CR and JR- I read somewhere that galvanize gives off toxic fumes when heated
 
Jan 22, 2008
880
Fed up w/ personal attacks I'm done with SBO
FYI, galvanized pipe for use in the hot section is non-ABYC compliant and as the USCG has adopted the ABYC standard P-1 for exhaust systems, non-USCG compliant too.
 
Jan 6, 2010
1,520
DJ,

You,re right pal, I forgot to say anything about off-gasing of galv. pipe under heat.
I was told of this before I did my exhaust. The pipe will gas off the first 2 or 3 times it is heated. The gases are somewhat poisoness if you spend time below. So don't for the initial break-in process. After that, it is not a problem.
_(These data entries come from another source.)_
(* For every quotient-convergent sequence $(\varphi_n\colon n\in\mathbb{N})$ of finite setfunctions there is a setfunction $\varphi$ on the algebra $\mathcal{H}$ of clopen subsets of the Cantor set such that $\varphi_n\rightarrowtail\varphi$.
   Context: A setfunction on a set-algebra $(J,\mathcal{B})$ is a map $\varphi\colon\mathcal{B}\to\mathbb{R}$ with $\varphi(\emptyset)=0$; it is finite if $J$ is finite and $\mathcal{B}=2^J$. For $k\in\mathbb{N}$ and a map $F\colon J\to[k]$ with $F^{-1}(i)\in\mathcal{B}$ for all $i$, the quotient $\varphi\circ F^{-1}$ is $A\mapsto\varphi(F^{-1}(A))$ on $2^{[k]}$; $Q_k(\varphi)\subseteq\mathbb{R}^{2^k}$ is the set of all quotients of $\varphi$ on $[k]$. A sequence $(\varphi_n)$ is quotient-convergent if for every $k$ the sets $Q_k(\varphi_n)$ form a Cauchy sequence in the Hausdorff distance on $\mathbb{R}^{2^k}$; $\varphi_n\rightarrowtail\varphi$ means that for every $k$ the Hausdorff distance between $Q_k(\varphi_n)$ and $Q_k(\varphi)$ tends to $0$. *)

From HB Require Import structures.
From mathcomp Require Import all_boot all_order all_algebra.
From mathcomp Require Import all_classical all_reals all_analysis.
Set Implicit Arguments. Unset Strict Implicit. Unset Printing Implicit Defensive.
Import Order.TTheory GRing.Theory Num.Theory.
Local Open Scope classical_set_scope.
Local Open Scope ring_scope.

(* A setfunction on a set-algebra (J, B): phi : set J -> R, where only the
   values on sets satisfying B matter, with phi set0 = 0. *)
Definition is_setfunction (R : realType) (J : Type) (phi : set J -> R) : Prop :=
  phi set0 = 0.

Definition vec (R : realType) (k : nat) := {set 'I_k} -> R.

Definition quotient_of (R : realType) (J : Type) (phi : set J -> R) (k : nat)
  (F : J -> 'I_k) : vec R k :=
  fun A => phi (F @^-1` [set i | i \in A]).

Definition Qk (R : realType) (J : Type) (B : set J -> Prop) (phi : set J -> R)
  (k : nat) : set (vec R k) :=
  [set v | exists F : J -> 'I_k,
      (forall i : 'I_k, B (F @^-1` [set i])) /\ v = quotient_of phi F].

Definition vdist_le (R : realType) (k : nat) (v w : vec R k) (e : R) : Prop :=
  forall A : {set 'I_k}, `|v A - w A| <= e.

Definition hausdorff_le (R : realType) (k : nat) (X Y : set (vec R k)) (e : R)
  : Prop :=
  (forall v, X v -> exists2 w, Y w & vdist_le v w e) /\
  (forall w, Y w -> exists2 v, X v & vdist_le v w e).

Definition hausdorff_cauchy (R : realType) (k : nat) (X : nat -> set (vec R k))
  : Prop :=
  forall e : R, 0 < e -> exists N : nat, forall m n : nat,
    (N <= m)%N -> (N <= n)%N -> hausdorff_le (X m) (X n) e.

Definition hausdorff_cvg (R : realType) (k : nat) (X : nat -> set (vec R k))
  (Y : set (vec R k)) : Prop :=
  forall e : R, 0 < e -> exists N : nat, forall n : nat,
    (N <= n)%N -> hausdorff_le (X n) Y e.

(* Finite setfunctions: J a finite type, B = 2^J. *)
Definition all_sets (J : Type) : set J -> Prop := fun _ => True.

Definition quotient_convergent (R : realType) (J : nat -> finType)
  (phi : forall n, set (J n) -> R) : Prop :=
  forall k : nat, (0 < k)%N -> @hausdorff_cauchy R k (fun n => @Qk R (J n) (@all_sets (J n)) (phi n) k).

Definition quotient_converges_to (R : realType) (J : nat -> finType)
  (phi : forall n, set (J n) -> R) (T : Type) (B : set T -> Prop)
  (psi : set T -> R) : Prop :=
  forall k : nat, (0 < k)%N -> @hausdorff_cvg R k (fun n => @Qk R (J n) (@all_sets (J n)) (phi n) k)
                                (@Qk R T B psi k).

From HB Require Import structures.
From mathcomp Require Import all_boot all_order all_algebra.
From mathcomp Require Import all_classical all_reals all_analysis.
From mathcomp Require Import lra zify.
Set Implicit Arguments. Unset Strict Implicit. Unset Printing Implicit Defensive.
Import Order.TTheory GRing.Theory Num.Theory.
Import numFieldTopology.Exports.
Local Open Scope classical_set_scope.

(* Call a vector of Qlim k (the limits of quotients of phi_n on
   [k]) a limit quotient. Quotient convergence and the compactness of bounded
   boxes in R^{2^k} make Q_k(phi_n) converge to Qlim k in the Hausdorff
   distance. Two limit quotients always have a common refinement that is again
   a limit quotient: take limits of the quotients along the product partitions.
   Enumerating a countable dense family of limit quotients, we build a chain
   chi_0, chi_1, ... of limit quotients on [2^d_0], [2^d_1], ..., each one
   refining the previous one through truncation of binary codes and realizing
   the next dense target as a quotient. Reading [2^d] as the cylinders of depth
   d of the Cantor set, the chain defines a setfunction on clopen sets whose
   quotients on [k] are exactly the quotients of the chi_j, which form a dense
   subset of Qlim k. *)

(** * Binary codes of prefixes in the Cantor space *)

Definition prefix_num d (x : cantor_space) : nat := \sum_(i < d) x i * 2 ^ i.

Lemma prefix_numS d x : prefix_num d.+1 x = prefix_num d x + x d * 2 ^ d.
Proof. by rewrite /prefix_num big_ord_recr. Qed.

Lemma prefix_num_lt d x : prefix_num d x < 2 ^ d.
Proof.
elim: d => [|d IH]; first by rewrite /prefix_num big_ord0.
by rewrite prefix_numS expnS; move: IH; case: (x d); rewrite ?mul1n ?mul0n; lia.
Qed.

Definition prefix_code d x : 'I_(2 ^ d) := Ordinal (prefix_num_lt d x).

Definition prefix_ball d (x : cantor_space) : set cantor_space :=
  [set y | forall i, i < d -> y i = x i].

Lemma prefix_ballW d d' x : d <= d' -> prefix_ball d' x `<=` prefix_ball d x.
Proof. by move=> le_d y xy i lt_id; apply: xy (leq_trans lt_id le_d). Qed.

Lemma prefix_num_ball d x y : prefix_ball d x y -> prefix_num d y = prefix_num d x.
Proof. by move=> xy; apply: eq_bigr => i _; rewrite xy. Qed.

Lemma prefix_ball_num d x y : prefix_num d y = prefix_num d x -> prefix_ball d x y.
Proof.
elim: d => [|d IH] eq_num i //.
have [eq_num' eq_bit] : prefix_num d y = prefix_num d x /\ y d = x d.
  move: eq_num; rewrite !prefix_numS.
  have := prefix_num_lt d x; have := prefix_num_lt d y.
  by case: (x d); case: (y d) => /=; split=> //; lia.
by rewrite ltnS leq_eqVlt => /orP[/eqP -> // | /(IH eq_num')].
Qed.

Lemma prefix_code_ball d x y : prefix_ball d x y -> prefix_code d y = prefix_code d x.
Proof. by move=> xy; apply: val_inj; apply: prefix_num_ball. Qed.

Lemma prefix_num_mod d d' x : d <= d' -> prefix_num d' x %% 2 ^ d = prefix_num d x.
Proof.
move=> /subnK <-; elim: (d' - d) => [|n IH].
  by rewrite add0n modn_small // prefix_num_lt.
rewrite addSn prefix_numS -modnDml IH.
have /dvdnP [q ->] : 2 ^ d %| x (n + d) * 2 ^ (n + d).
  by apply: dvdn_mull; rewrite expnD dvdn_mull.
by rewrite addnC modnMDl modn_small // prefix_num_lt.
Qed.

Lemma prefix_num_surj d r : r < 2 ^ d -> exists x, prefix_num d x = r.
Proof.
elim: d r => [|d IH] r lt_r.
  by exists (fun _ => false); rewrite /prefix_num big_ord0; move: lt_r; rewrite expn0; lia.
have [x0 x0r] := IH (r %% 2 ^ d) (ltn_pmod _ (expn_gt0 2 d)).
exists (fun i => if i == d then r %/ 2 ^ d == 1 else x0 i).
rewrite prefix_numS eqxx (@prefix_num_ball _ x0); last first.
  by move=> i lt_id; rewrite ifN // ltn_eqF.
have : r %/ 2 ^ d < 2 by rewrite ltn_divLR ?expn_gt0 //; move: lt_r; rewrite expnS; lia.
by rewrite x0r; move: (divn_eq r (2 ^ d)); case: (r %/ 2 ^ d) => [|[|q]] //=; lia.
Qed.

Lemma prefix_code_surj d (r : 'I_(2 ^ d)) : exists x, prefix_code d x = r.
Proof. by have [x xr] := prefix_num_surj (ltn_ord r); exists x; apply: val_inj. Qed.

Lemma nbhs_prefix_ball d x : nbhs x (prefix_ball d x).
Proof.
have coord_nbhs (i : 'I_d) : nbhs x (fun y : cantor_space => y i = x i).
  exact: (@proj_continuous nat (fun _ => bool) i x [set x i]).
apply: filterS (filter_forall _ coord_nbhs) => y xy i lt_id.
exact: (xy (Ordinal lt_id)).
Qed.

Lemma nbhs_prefix_ball_sub x (U : set cantor_space) :
  nbhs x U -> exists d, prefix_ball d x `<=` U.
Proof.
move=> Ux; apply/not_existsP => noball.
have out d : exists y, prefix_ball d x y /\ ~ U y.
  by have /existsNP [y /not_implyP] := noball d; exists y.
pose y d := projT1 (cid (out d)).
have [yx yU] : (forall d, prefix_ball d x (y d)) /\ (forall d, ~ U (y d)).
  by split => d; have [] := projT2 (cid (out d)).
have : y @ \oo --> x.
  apply/cvg_sup => i V [W] [[Z] _ <-] WxN WV; apply: (filterS WV).
  by exists i.+1 => // d /= lt_id; rewrite (yx d i lt_id).
by move=> /(_ U Ux) [M _ /(_ M (leqnn M))]; apply: yU.
Qed.

Lemma prefix_ball_code d x y : prefix_code d y = prefix_code d x -> prefix_ball d x y.
Proof. by move/(congr1 val); apply: prefix_ball_num. Qed.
One suggestion for breaking-in can be done at the dock with the engine running in gear above 1800RPM for at least an hour. Next time, do the same thing. You will be able to smell the fumes at first. When the fumes stop, you're home free.

Don't forgrt the asbestos wrap.

It took 2 times for me to gas-off but I motored underway for an hour each way both out & back to my dock.
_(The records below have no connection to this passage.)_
Lemma lebesgue_measure_addr (h : R) (A : set (measurableTypeR R)) : measurable A ->
  pushforward mu (+%R^~ h : measurableTypeR R -> measurableTypeR R) A = mu A.
Proof.
move=> mA; apply: esym; apply: lebesgue_measure_unique => //=; first exact: measurable_addr.
move=> _ _ [[a b] _ <-]; rewrite /pushforward.
have -> : +%R^~ h @^-1` [set` `]a, b]] = [set` `](a - h), (b - h)]].
  by apply/seteqP; split => x /=; rewrite !in_itv /= ltrBlDr lerBrDr.
rewrite !lebesgue_measure_itv /= !lte_fin ltrD2r.
by case: ifPn => // _; congr (_%:E); ring.
Qed.

Lemma Rintegral_itv_oc_addr (f : R -> R) (h a b : R) : (forall x, 0 <= f x) ->
  mu.-integrable `]a + h, b + h] (EFin \o f) ->
  Rintegral mu `]a + h, b + h] f = Rintegral mu `]a, b] (fun x => f (x + h)).
Proof.
move=> f0 intf; rewrite /Rintegral; congr fine.
have -> : `]a, b]%classic = +%R^~ h @^-1` `]a + h, b + h].
  by apply/seteqP; split => x /=; rewrite !in_itv /= ltrD2r lerD2r.
rewrite -(ge0_integral_pushforward (phi := +%R^~ h : measurableTypeR R -> measurableTypeR R)
  _ _ (f := EFin \o f)) //=.
- apply: eq_measure_integral; first exact: measurable_addr.
  by move=> mf A mA _; exact/esym/lebesgue_measure_addr.
- exact: measurable_addr.
- by case/integrableP : intf.
- by move=> y _; rewrite lee_fin.
Qed.

Section periodic_integral.
Variables (n : R -> R) (p L : R).
Hypotheses (p_ge0 : 0 <= p) (n_ge0 : forall t, 0 <= n t)
  (n_periodic : forall t, n (t + p) = n t)
  (n_int : forall a b, mu.-integrable `[a, b] (EFin \o n))
  (n_period : Rintegral mu `[0, p] n = L).

Lemma periodicn_addr (k : nat) (x : R) : n (x + k%:R * p) = n x.
Proof.
elim: k x => [|k IHk] x; first by rewrite mul0r addr0.
by rewrite -natr1 mulrDl mul1r addrA n_periodic IHk.
Qed.

Lemma Rintegral_period (k : nat) : Rintegral mu `]k%:R * p, k.+1%:R * p] n = L.
Proof.
have -> : k.+1%:R * p = p + k%:R * p by rewrite -natr1 mulrDl mul1r addrC.
rewrite -[X in `]X, _]]add0r Rintegral_itv_oc_addr //; last first.
  by rewrite add0r; exact/integrable_itv_cc_oc/n_int.
rewrite (@eq_Rintegral _ _ _ mu _ n) => [|x _]; last exact: periodicn_addr.
by rewrite Rintegral_itv_obnd_cbnd //; exact/integrable_itv_cc_oc/n_int.
Qed.

Lemma Rintegral_periods (k : nat) : Rintegral mu `[0, k%:R * p] n = k%:R * L.
Proof.
elim: k => [|k IHk]; first by rewrite !mul0r set_itv1 Rintegral_set1.
have k_le : 0 <= k%:R * p <= k.+1%:R * p by rewrite mulr_ge0 ?ler_wpM2r ?ler_nat.
have := Rintegral_itv0B k_le (n_int 0 (k.+1%:R * p)).
rewrite IHk Rintegral_period -natr1 mulrDl mul1r; lra.
Qed.

Lemma Rintegral_periodic_le (m : nat) (s t : R) : 0 <= s <= t -> t <= m%:R * p ->
  Rintegral mu `]s, t] n <= m%:R * L.
Proof.
move=> /andP[s0 st] tmp; have t0 := le_trans s0 st.
rewrite -Rintegral_periods -(Rintegral_itv0B _ (n_int _ _)) ?s0 ?st //.
have := Rintegral_itv0B (f := n) (s := t) (t := m%:R * p).
rewrite t0 tmp => /(_ isT (n_int _ _)).
have : 0 <= Rintegral mu `]t, m%:R * p] n by apply: Rintegral_ge0.
have : 0 <= Rintegral mu `[0, s] n by apply: Rintegral_ge0.
lra.
Qed.

End periodic_integral.
End interval_integral.

Section linear_drift.
Variable R : realType.
Local Notation mu := (@lebesgue_measure R).

Lemma continuous_induction_gt (v : R -> R) (a b Y : R) : continuous v -> Y < v a ->
  (forall t, a <= t <= b -> (forall s, a <= s <= t -> Y <= v s) -> Y < v t) ->
  forall t, a <= t <= b -> Y < v t.
Proof.
move=> v_cont va step t1 /andP[at1 t1b]; rewrite ltNge; apply/negP => vt1.
pose S := [set s | a <= s <= b /\ v s <= Y].
have S_t1 : S t1 by split => //; apply/andP.
have S_lb : lbound S a by move=> s [/andP[]].
have S_hlb : has_lbound S by exists a.
pose i := inf S.
have ai : a <= i by apply: lb_le_inf => //; exists t1.
have it1 : i <= t1 by apply: ge_inf.
have below_i : forall s, a <= s -> s < i -> Y < v s.
  move=> s a_s si; rewrite ltNge; apply/negP => vs.
  have : i <= s by apply: ge_inf => //; split => //; rewrite a_s /=; lra.
  by rewrite leNgt si.
have Y_le_vi : Y <= v i.
  rewrite leNgt; apply/negP => vi.
  have [|c /[!in_itv] /= /andP[ac ci] vc] := IVT ai (continuous_subspaceT v_cont) (v := Y).
    by rewrite ge_min le_max (ltW vi) (ltW va) orbT.
  have : c < i by rewrite lt_neqAle ci andbT; apply/eqP => ci'; move: vi; rewrite -ci' vc ltxx.
  by move=> /(below_i c ac); rewrite vc ltxx.
have Y_lt_vi : Y < v i.
  apply: step; first by rewrite ai /= (le_trans it1).
  move=> s /andP[a_s]; rewrite le_eqVlt => /orP[/eqP -> //|si].
  exact/ltW/below_i.
have [e /= e0 near_i] := (nbhs_ballP _ _).1 (cvgr_gt (v i) (v_cont i) Y Y_lt_vi).
have [s Ss sie] := inf_adherent e0 (conj (ex_intro _ t1 S_t1) S_hlb).
have i_s : i <= s by exact: ge_inf.
have : Y < v s by apply: near_i; rewrite /ball /= distrC ger0_norm ?subr_ge0 // ltrBlDl.
by case: Ss => _ vs; rewrite ltNge vs.
Qed.

Variables (v f n : R -> R) (c M B T : R).
Hypotheses (v_cont : continuous v) (c_ge0 : 0 <= c) (M_ge0 : 0 <= M) (B_ge0 : 0 <= B)
  (f_int : forall s t, mu.-integrable `]s, t] (EFin \o f))
  (n_int : forall s t, mu.-integrable `]s, t] (EFin \o n))
  (vB : forall s t, 0 <= s <= t -> t <= T -> v t - v s = Rintegral mu `]s, t] f)
  (n_le : forall s t, 0 <= s <= t -> t <= T -> Rintegral mu `]s, t] n <= B).

Let Mn_le s t : 0 <= s <= t -> t <= T -> M * Rintegral mu `]s, t] n <= M * B.
Proof. by move=> st tT; rewrite ler_wpM2l // n_le. Qed.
JR added a detailed explanation in his post that should answer additional questions about Galvanized pipe & dissimilar metals. He's OK in my book.

CR
 
Feb 6, 1998
11,721
Canadian Sailcraft 36T Casco Bay, ME
The ABYC specifies that all threaded pipe & fittings used in a marine exhaust system be made of Sched 80 pipe NOT the sched 40 I see most DIY's use. SS is very prone to fatigue cracking especially at the deep part of a thread due to the vibrations associated with engines.. It is also not technically "galvanically compatible" with the engine manifold, which is another ABYC requirement..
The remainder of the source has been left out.